What the Virus Looks Like Under a Microscope

The SARS coronavirus is far too small to see with a regular microscope. Under electron microscopy, it appears as a roughly spherical particle between 80 and 140 nanometers in diameter, about a thousand times smaller than the width of a human hair. The most recognizable feature is a ring of spike proteins projecting outward from the virus’s outer membrane. Each spike is 20 to 25 nanometers long, and a typical cross-section of a single virus particle shows about 9 to 10 of these protrusions. These spikes give the virus its “crown” appearance, which is where the name coronavirus (from the Latin “corona,” meaning crown) comes from.

Beneath the spiky membrane sits the nucleocapsid, a tightly bundled package of the virus’s RNA genome wrapped in protective protein. The overall structure is simple: a lipid envelope studded with spike proteins on the outside, and genetic material coiled inside. This architecture is shared across the coronavirus family, including SARS-CoV-2, the virus responsible for COVID-19.

What Blood Tests Reveal

SARS also has a recognizable signature in blood work.

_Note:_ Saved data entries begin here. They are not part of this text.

(* We have $[A,x]=[A,A]=x^NA$, where $[A,x]=\{ax-xa:a\in A\}$ and $[A,A]$ is the span of all commutators.
   Context: Let $\Bbbk$ be a field of characteristic zero and $N\geq1$ an integer. Let $A=A_N$ be the $\Bbbk$-algebra generated by $x,y$ subject to the relation $yx-xy=x^N$. *)

From HB Require Import structures.
From mathcomp Require Import all_boot all_order all_algebra.
Set Implicit Arguments. Unset Strict Implicit. Unset Printing Implicit Defensive.
Import GRing.Theory.
Local Open Scope ring_scope.

(* The algebra A_N = k<x,y>/(yx - xy - x^N) is given by its presentation:
   a k-algebra A with two elements x, y such that
   (1) the defining relation holds,
   (2) A is generated (as a k-algebra) by x and y, i.e. every element is a
       k-linear combination of words in x and y,
   (3) universal property: for every k-algebra B and elements bx, by of B
       satisfying the same relation there is a k-algebra morphism A -> B
       sending x to bx and y to by.
   These determine (A, x, y) up to unique isomorphism. *)

Definition gen_word (F : fieldType) (A : algType F) (x y : A) (w : seq bool) : A :=
  \prod_(b <- w) (if b then y else x).

Definition is_presented_AN (F : fieldType) (N : nat) (A : algType F) (x y : A) : Prop :=
  [/\ y * x - x * y = x ^+ N,
      (forall a : A, exists s : seq (F * seq bool),
          a = \sum_(p <- s) p.1 *: gen_word x y p.2)
    & (forall (B : algType F) (bx by' : B), by' * bx - bx * by' = bx ^+ N ->
          exists f : {lrmorphism A -> B}, f x = bx /\ f y = by')].

Definition comm_with (F : fieldType) (A : algType F) (x : A) : A -> Prop :=
  fun v => exists a : A, v = a * x - x * a.

(* [A, A] = k-span of all commutators (finite sums suffice, commutators being
   closed under scaling) *)
Definition comm_span (F : fieldType) (A : algType F) : A -> Prop :=
  fun v => exists s : seq (A * A), v = \sum_(p <- s) (p.1 * p.2 - p.2 * p.1).

Definition left_mul_set (F : fieldType) (A : algType F) (u : A) : A -> Prop :=
  fun v => exists a : A, v = u * a.

From HB Require Import structures.
From mathcomp Require Import all_boot all_order all_algebra zify.
Set Implicit Arguments. Unset Strict Implicit. Unset Printing Implicit Defensive.
Import GRing.Theory.
Local Open Scope ring_scope.

(* Write N = M + 1.  The relation gives x^n y = y x^n - n x^(n+M), so the right ideal
   x^N A is also a left ideal; it contains [y, x], hence every commutator, since A is
   generated by x and y.  Conversely x^N A is spanned by the monomials y^k x^n with
   n >= N, and [y^(k+1) x^(n-N), x] is (k+1) y^k x^n plus monomials of lower y-degree,
   so in characteristic zero induction on k puts all of them in [A, x]. *)

Section Subspaces.
Variables (F : fieldType) (V : lmodType F).

Definition subspace (P : V -> Prop) :=
  [/\ P 0, forall u v, P u -> P v -> P (u + v) & forall (c : F) u, P u -> P (c *: u)].

Definition span (G : V -> Prop) (v : V) :=
  forall P, subspace P -> (forall g, G g -> P g) -> P v.

Section SubspaceTheory.
Variables (P : V -> Prop) (hP : subspace P).

Lemma subspace0 : P 0. Proof. by case: hP. Qed.

Lemma subspaceD u v : P u -> P v -> P (u + v). Proof. by case: hP => _ + _; apply. Qed.

Lemma subspaceZ c u : P u -> P (c *: u). Proof. by case: hP => _ _; apply. Qed.

Lemma subspaceN u : P u -> P (- u). Proof. by rewrite -scaleN1r; apply: subspaceZ. Qed.

Lemma subspaceB u v : P u -> P v -> P (u - v).
Proof. by move=> hu /subspaceN; apply: subspaceD. Qed.

Lemma subspaceMn n u : P u -> P (u *+ n). Proof. by rewrite -scaler_nat; apply: subspaceZ. Qed.

Lemma subspaceMn_inv n u : [pchar F] =i pred0 -> P (u *+ n.+1) -> P u.
Proof.
move=> /pcharf0P char0 /(subspaceZ (n.+1%:R)^-1).
by rewrite -scaler_nat scalerA mulVf ?scale1r // char0.
Qed.

End SubspaceTheory.

Lemma span_subspace G : subspace (span G).
Proof.
split=> [P /subspace0 //|u v hu hv P hP hG|c u hu P hP hG].
- by apply: subspaceD (hu P hP hG) (hv P hP hG).
- exact: subspaceZ (hu P hP hG).
Qed.

Lemma span_gen (G : V -> Prop) g : G g -> span G g.
Proof. by move=> hg P _; apply. Qed.

End Subspaces.

Lemma subspace_preim (F : fieldType) (V W : lmodType F) (f : V -> W) (Q : W -> Prop) :
  subspace Q -> f 0 = 0 -> {morph f : u v / u + v} -> scalable f ->
  subspace (fun v => Q (f v)).
Proof.
move=> hQ f0 fD fZ; split=> [|u v hu hv|c u hu]; first by rewrite f0; apply: subspace0.
- by rewrite fD; apply: subspaceD.
- by rewrite fZ; apply: subspaceZ.
Qed.

Section AlgebraSubspaces.
Variables (F : fieldType) (A : algType F).

Lemma left_mul_set_subspace (u : A) : subspace (left_mul_set u).
Proof.
split=> [|_ _ [a ->] [b ->]|c _ [a ->]]; first by exists 0; rewrite mulr0.
- by exists (a + b); rewrite mulrDr.
- by exists (c *: a); rewrite scalerAr.
Qed.

Lemma comm_with_subspace (x : A) : subspace (comm_with x).
Proof.
split=> [|_ _ [a ->] [b ->]|c _ [a ->]]; first by exists 0; rewrite mul0r mulr0 subrr.
- by exists (a + b); rewrite mulrDl mulrDr opprD addrACA.
- by exists (c *: a); rewrite scalerBr scalerAl scalerAr.
Qed.

Lemma subspace_mulr (P : A -> Prop) (c : A) : subspace P -> subspace (fun v => P (v * c)).
Proof.
by move=> hP; apply: subspace_preim hP _ _ _ => [|u v|k u]; rewrite ?mul0r ?mulrDl ?scalerAl.
Qed.

Lemma subspace_mull (P : A -> Prop) (c : A) : subspace P -> subspace (fun v => P (c * v)).
Proof.
by move=> hP; apply: subspace_preim hP _ _ _ => [|u v|k u]; rewrite ?mulr0 ?mulrDr ?scalerAr.
Qed.

Lemma commutator_subspace (I : A -> Prop) (b : A) :
  subspace I -> subspace (fun a => I (a * b - b * a)).
Proof.
move=> hI; apply: subspace_preim hI _ _ _; first by rewrite mul0r mulr0 subrr.
- by move=> u v; rewrite mulrDl mulrDr opprD addrACA.
- by move=> c u; rewrite scalerBr scalerAl scalerAr.
Qed.

Lemma comm_span_sub (I : A -> Prop) :
  subspace I -> (forall a b, I (a * b - b * a)) -> forall v, comm_span v -> I v.
Proof.
move=> hI Icomm _ [s ->]; elim: s => [|p s IH]; first by rewrite big_nil; apply: subspace0.
by rewrite big_cons; apply: subspaceD.
Qed.

Lemma comm_with_comm_span (x v : A) : comm_with x v -> comm_span v.
Proof. by move=> [a ->]; exists [:: (a, x)]; rewrite big_seq1. Qed.

End AlgebraSubspaces.

Lemma commutatorMl (R : pzRingType) (c a b : R) :
  c * a * b - b * (c * a) = c * (a * b - b * a) + (c * b - b * c) * a.
Proof. by rewrite mulrBr mulrBl !mulrA addrA subrK. Qed.

Lemma commutatorMr_expx (R : pzRingType) (b x : R) m :
  b * x ^+ m * x - x * (b * x ^+ m) = (b * x - x * b) * x ^+ m.
Proof. by rewrite mulrBl -!mulrA -exprSr exprS mulrA. Qed.

Section Generation.
Variables (F : fieldType) (A : algType F) (x y : A).
Hypothesis gen : forall a : A, exists s : seq (F * seq bool),
  a = \sum_(p <- s) p.1 *: gen_word x y p.2.

Lemma generated_ind (P : A -> Prop) : subspace P -> P 1 ->
  (forall a, P a -> P (x * a)) -> (forall a, P a -> P (y * a)) -> forall a, P a.
Proof.
move=> hP P1 Px Py a; have [s ->] := gen a.
elim: s => [|[c w] s IH]; first by rewrite big_nil; apply: subspace0.
rewrite big_cons; apply: subspaceD IH => //; apply: subspaceZ => //=.
by elim: w => [|[] w IHw]; rewrite /gen_word ?big_nil ?big_cons //; auto.
Qed.

Lemma subspace_mull_stable (Q : A -> Prop) : subspace Q ->
  (forall v, Q v -> Q (x * v)) -> (forall v, Q v -> Q (y * v)) ->
  forall c v, Q v -> Q (c * v).
Proof.
move=> hQ Qx Qy; apply: generated_ind => [|v|c hc v hv|c hc v hv].
- split=> [v _|c1 c2 h1 h2 v hv|k c h v hv].
  + by rewrite mul0r; apply: subspace0.
  + by rewrite mulrDl; apply: subspaceD; auto.
  + by rewrite -scalerAl; apply: subspaceZ; auto.
- by rewrite mul1r.
- by rewrite -mulrA; auto.
- by rewrite -mulrA; auto.
Qed.

Lemma subspace_mulr_stable (Q : A -> Prop) : subspace Q ->
  (forall v, Q v -> Q (v * x)) -> (forall v, Q v -> Q (v * y)) ->
  forall c v, Q v -> Q (v * c).
Proof.
move=> hQ Qx Qy; apply: generated_ind => [|v|c hc v hv|c hc v hv].
- split=> [v _|c1 c2 h1 h2 v hv|k c h v hv].
  + by rewrite mulr0; apply: subspace0.
  + by rewrite mulrDr; apply: subspaceD; auto.
  + by rewrite -scalerAr; apply: subspaceZ; auto.
- by rewrite mulr1.
- by rewrite mulrA; auto.
- by rewrite mulrA; auto.
Qed.

(* [A/I] is generated by the images of [x] and [y], which commute. *)
Lemma comm_in_ideal (I : A -> Prop) : subspace I ->
  (forall c v, I v -> I (c * v)) -> (forall c v, I v -> I (v * c)) ->
  I (y * x - x * y) -> forall a b, I (a * b - b * a).
Proof.
move=> hI Il Ir Iyx.
have comm_gens b : I (x * b - b * x) -> I (y * b - b * y) -> forall a, I (a * b - b * a).
  move=> Ix Iy; apply: generated_ind; first exact: commutator_subspace.
  - by rewrite mul1r mulr1 subrr; apply: subspace0.
  - by move=> a ha; rewrite commutatorMl; apply: subspaceD; auto.
  - by move=> a ha; rewrite commutatorMl; apply: subspaceD; auto.
have Ixx : I (x * x - x * x) by rewrite subrr; apply: subspace0.
have Iyy : I (y * y - y * y) by rewrite subrr; apply: subspace0.
have Ixy : I (x * y - y * x) by rewrite -opprB; apply: (subspaceN hI).
have comm_x := comm_gens x Ixx Iyx; have comm_y := comm_gens y Ixy Iyy.
by move=> a b; apply: comm_gens; rewrite -opprB; apply: (subspaceN hI).
Qed.

End Generation.

Section Relation.
Variables (F : fieldType) (M : nat) (A : algType F) (x y : A).
Hypothesis rel : y * x - x * y = x ^+ M.+1.

Lemma expx_mulr_y n : x ^+ n * y = y * x ^+ n - x ^+ (n + M) *+ n.
Proof.
elim: n => [|n IH]; first by rewrite !expr0 mulr1 mul1r mulr0n subr0.
have xy : x * y = y * x - x ^+ M.+1 by rewrite -rel opprB addrC subrK.
rewrite exprS -mulrA IH mulrBr (mulrA x y) xy mulrBl -mulrA -exprS -exprD mulrnAr.
by rewrite -exprS mulrSr addSn opprD addrA addrAC addSn (addnC M n).
Qed.

Lemma y_mulr_expx : y * x ^+ M.+1 = x ^+ M.+1 * (y + x ^+ M *+ M.+1).
Proof. by rewrite mulrDr expx_mulr_y mulrnAr -exprD subrK. Qed.

Definition monomials (P : nat -> nat -> Prop) :=
  span (fun g => exists k n, P k n /\ g = y ^+ k * x ^+ n).

Lemma monomials_gen (P : nat -> nat -> Prop) k n : P k n -> monomials P (y ^+ k * x ^+ n).
Proof. by move=> hkn; apply: span_gen; exists k, n. Qed.

Lemma monomials_mulr_expx (P Q : nat -> nat -> Prop) m v :
  (forall k n, P k n -> Q k (n + m)%N) -> monomials P v -> monomials Q (v * x ^+ m).
Proof.
move=> PQ hv; apply: (hv (fun u => monomials Q (u * x ^+ m))).
  exact/subspace_mulr/span_subspace.
by move=> _ [k [n [hkn ->]]]; rewrite -mulrA -exprD; apply: monomials_gen; exact: PQ.
Qed.

Lemma monomials_mull_y (P Q : nat -> nat -> Prop) v :
  (forall k n, P k n -> Q k.+1 n) -> monomials P v -> monomials Q (y * v).
Proof.
move=> PQ hv; apply: (hv (fun u => monomials Q (y * u))).
  exact/subspace_mull/span_subspace.
by move=> _ [k [n [hkn ->]]]; rewrite mulrA -exprS; apply: monomials_gen; exact: PQ.
Qed.

Lemma monomials_mulr_y (P Q : nat -> nat -> Prop) v :
  (forall k n, P k n -> Q k.+1 n /\ Q k (n + M)%N) -> monomials P v -> monomials Q (v * y).
Proof.
move=> PQ hv; apply: (hv (fun u => monomials Q (u * y))).
  exact/subspace_mulr/span_subspace.
move=> _ [k [n [/PQ [Q1 Q2] ->]]].
rewrite -mulrA expx_mulr_y mulrBr mulrA -exprSr mulrnAr.
apply: (subspaceB (span_subspace _)); first exact: monomials_gen.
by apply: (subspaceMn (span_subspace _)); apply: monomials_gen.
Qed.

Definition xN_monomials := monomials (fun _ n => (M < n)%N).

Definition xN_monomials_below j := monomials (fun k n => (k < j)%N /\ (M < n)%N).

Lemma commutator_expx_expy j n :
  (M < n)%N -> xN_monomials_below j (x ^+ n * y ^+ j - y ^+ j * x ^+ n).
Proof.
move=> hn; elim: j => [|j IH].
  by rewrite !expr0 mulr1 mul1r subrr; exact: (subspace0 (span_subspace _)).
have -> : x ^+ n * y ^+ j.+1 - y ^+ j.+1 * x ^+ n =
    (x ^+ n * y ^+ j - y ^+ j * x ^+ n) * y - (y ^+ j * x ^+ (n + M)) *+ n.
  rewrite exprSr mulrA mulrBl -(mulrA _ (x ^+ n) y) expx_mulr_y mulrBr mulrnAr.
  by rewrite opprB addrA addrAC addrK mulrA -exprSr.
apply: (subspaceB (span_subspace _)).
  by apply: monomials_mulr_y IH => k m [hk hm]; split; split; lia.
by apply: (subspaceMn (span_subspace _)); apply: monomials_gen; lia.
Qed.

Lemma commutator_expy_x j : xN_monomials_below j
  ((y ^+ j.+1 * x - x * y ^+ j.+1) - (y ^+ j * x ^+ M.+1) *+ j.+1).
Proof.
elim: j => [|j IH].
  by rewrite expr1 expr0 mul1r mulr1n rel subrr; exact: (subspace0 (span_subspace _)).
have -> : (y ^+ j.+2 * x - x * y ^+ j.+2) - (y ^+ j.+1 * x ^+ M.+1) *+ j.+2 =
    y * ((y ^+ j.+1 * x - x * y ^+ j.+1) - (y ^+ j * x ^+ M.+1) *+ j.+1) +
    (x ^+ M.+1 * y ^+ j.+1 - y ^+ j.+1 * x ^+ M.+1).
  rewrite [in LHS](exprS y j.+1) commutatorMl rel [in RHS]mulrBr mulrnAr mulrA -exprS.
  by rewrite [in LHS]mulrSr opprD addrACA.
apply: (subspaceD (span_subspace _)); last exact: commutator_expx_expy.
by apply: monomials_mull_y IH => k n [hk hn].
Qed.

Lemma monomial_comm_with k n :
  [pchar F] =i pred0 -> (M < n)%N -> comm_with x (y ^+ k * x ^+ n).
Proof.
move=> char0; elim/ltn_ind: k n => j IH n hn.
have below_comm v : xN_monomials_below j v -> comm_with x v.
  by move=> hv; apply: hv (comm_with_subspace x) _ => _ [k [m [[hk hm] ->]]]; apply: IH.
apply: (subspaceMn_inv (comm_with_subspace x) (n := j) char0).
(* [[y^(j+1) x^(n-N), x] = (j+1) y^j x^n + D x^(n-N)], with [D] of lower [y]-degree. *)
pose D := (y ^+ j.+1 * x - x * y ^+ j.+1) - (y ^+ j * x ^+ M.+1) *+ j.+1.
have -> : (y ^+ j * x ^+ n) *+ j.+1 =
    (y ^+ j.+1 * x ^+ (n - M.+1)) * x - x * (y ^+ j.+1 * x ^+ (n - M.+1)) -
    D * x ^+ (n - M.+1).
  rewrite /D commutatorMr_expx -mulrBl opprB addrC subrK.
  by rewrite mulrnAl -mulrA -exprD subnKC.
apply: (subspaceB (comm_with_subspace x)); first by eexists.
apply: below_comm; apply: (monomials_mulr_expx _ (commutator_expy_x (j := j))) => k m [hk hm]; lia.
Qed.

Hypothesis gen : forall a : A, exists s : seq (F * seq bool),
  a = \sum_(p <- s) p.1 *: gen_word x y p.2.

Lemma xN_mul_comm_with a :
  [pchar F] =i pred0 -> comm_with x (x ^+ M.+1 * a).
Proof.
move=> char0.
have xN_mulr : forall c v, xN_monomials v -> xN_monomials (v * c).
  apply: (subspace_mulr_stable gen (Q := xN_monomials) (span_subspace _)) => v hv.
    by apply: (monomials_mulr_expx (m := 1)) hv => k n; apply: ltn_addr.
  by apply: monomials_mulr_y hv => k n hn; split=> //; apply: ltn_addr.
have : xN_monomials (x ^+ M.+1 * a).
  by rewrite -[x ^+ M.+1]mul1r -(expr0 y); apply: xN_mulr; exact: monomials_gen.
by apply=> [|_ [k [n [hn ->]]]]; [exact: comm_with_subspace|exact: monomial_comm_with].
Qed.

Lemma xN_left_ideal c v : left_mul_set (x ^+ M.+1) v -> left_mul_set (x ^+ M.+1) (c * v).
Proof.
move: c v; apply: (subspace_mull_stable gen (left_mul_set_subspace _)) => _ [a ->].
  by exists (x * a); rewrite !mulrA -exprS exprSr.
by exists ((y + x ^+ M *+ M.+1) * a); rewrite !mulrA y_mulr_expx.
Qed.

End Relation.

Theorem lemma3p2 (F : fieldType) (N : nat) (A : algType F) (x y : A) :
  [pchar F] =i pred0 -> (1 <= N)%N -> is_presented_AN N x y ->
  (forall v : A, comm_with x v <-> comm_span v) /\
  (forall v : A, comm_span v <-> left_mul_set (x ^+ N) v).
Proof.
move=> char0; case: N => [//|M] _ [rel gen _].
pose I := left_mul_set (x ^+ M.+1).
have I_subspace : subspace I := left_mul_set_subspace _.
have I_rel : I (y * x - x * y) by rewrite rel; exists 1; rewrite mulr1.
have I_right c v : I v -> I (v * c) by move=> [a ->]; exists (a * c); rewrite mulrA.
have I_comm := comm_in_ideal gen I_subspace (xN_left_ideal rel gen) I_right I_rel.
have span_I := comm_span_sub I_subspace I_comm.
have I_comm_with v : I v -> comm_with x v.
  by move=> [a ->]; exact: xN_mul_comm_with rel gen a char0.
split=> v; split; [exact: comm_with_comm_span|move=> /span_I; exact: I_comm_with|exact: span_I|].
by move=> /I_comm_with; exact: comm_with_comm_span.
Qed.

The most consistent finding is lymphopenia, a drop in lymphocytes, the white blood cells that fight viral infections. In one study of 76 patients, about 65% had low lymphocyte counts at the time of admission, and nearly 95% developed lymphopenia at some point during their illness. The lowest lymphocyte counts typically occurred around day 7 of the disease.

Low platelet counts were also common, affecting about 46% of patients initially and 80% over the full course of illness. Liver enzymes frequently climbed as well, with elevated levels appearing in roughly 87% of patients for one marker and 78% for another, peaking around days 10 to 13. Elevated markers of inflammation and tissue damage rounded out the picture. None of these findings alone confirmed SARS, but together they formed a recognizable laboratory pattern that helped clinicians distinguish it from other respiratory infections.

How SARS Was Officially Identified

During the 2003 outbreak, the WHO established a two-tier system for classifying cases. A suspected case required a high fever above 38°C plus cough or breathing difficulty, combined with a known exposure: close contact with a confirmed or suspected SARS patient, recent travel to an area with active transmission, or residence in such an area. “Close contact” specifically meant caring for, living with, or having direct contact with the respiratory secretions or body fluids of an infected person.

A probable case went a step further. It required either chest X-ray findings consistent with pneumonia or respiratory distress syndrome, or a positive laboratory test for the SARS coronavirus. This layered approach reflected the reality that SARS looked like many other respiratory illnesses on the surface. Confirming it required combining clinical symptoms, exposure history, imaging findings, and lab results into a complete picture.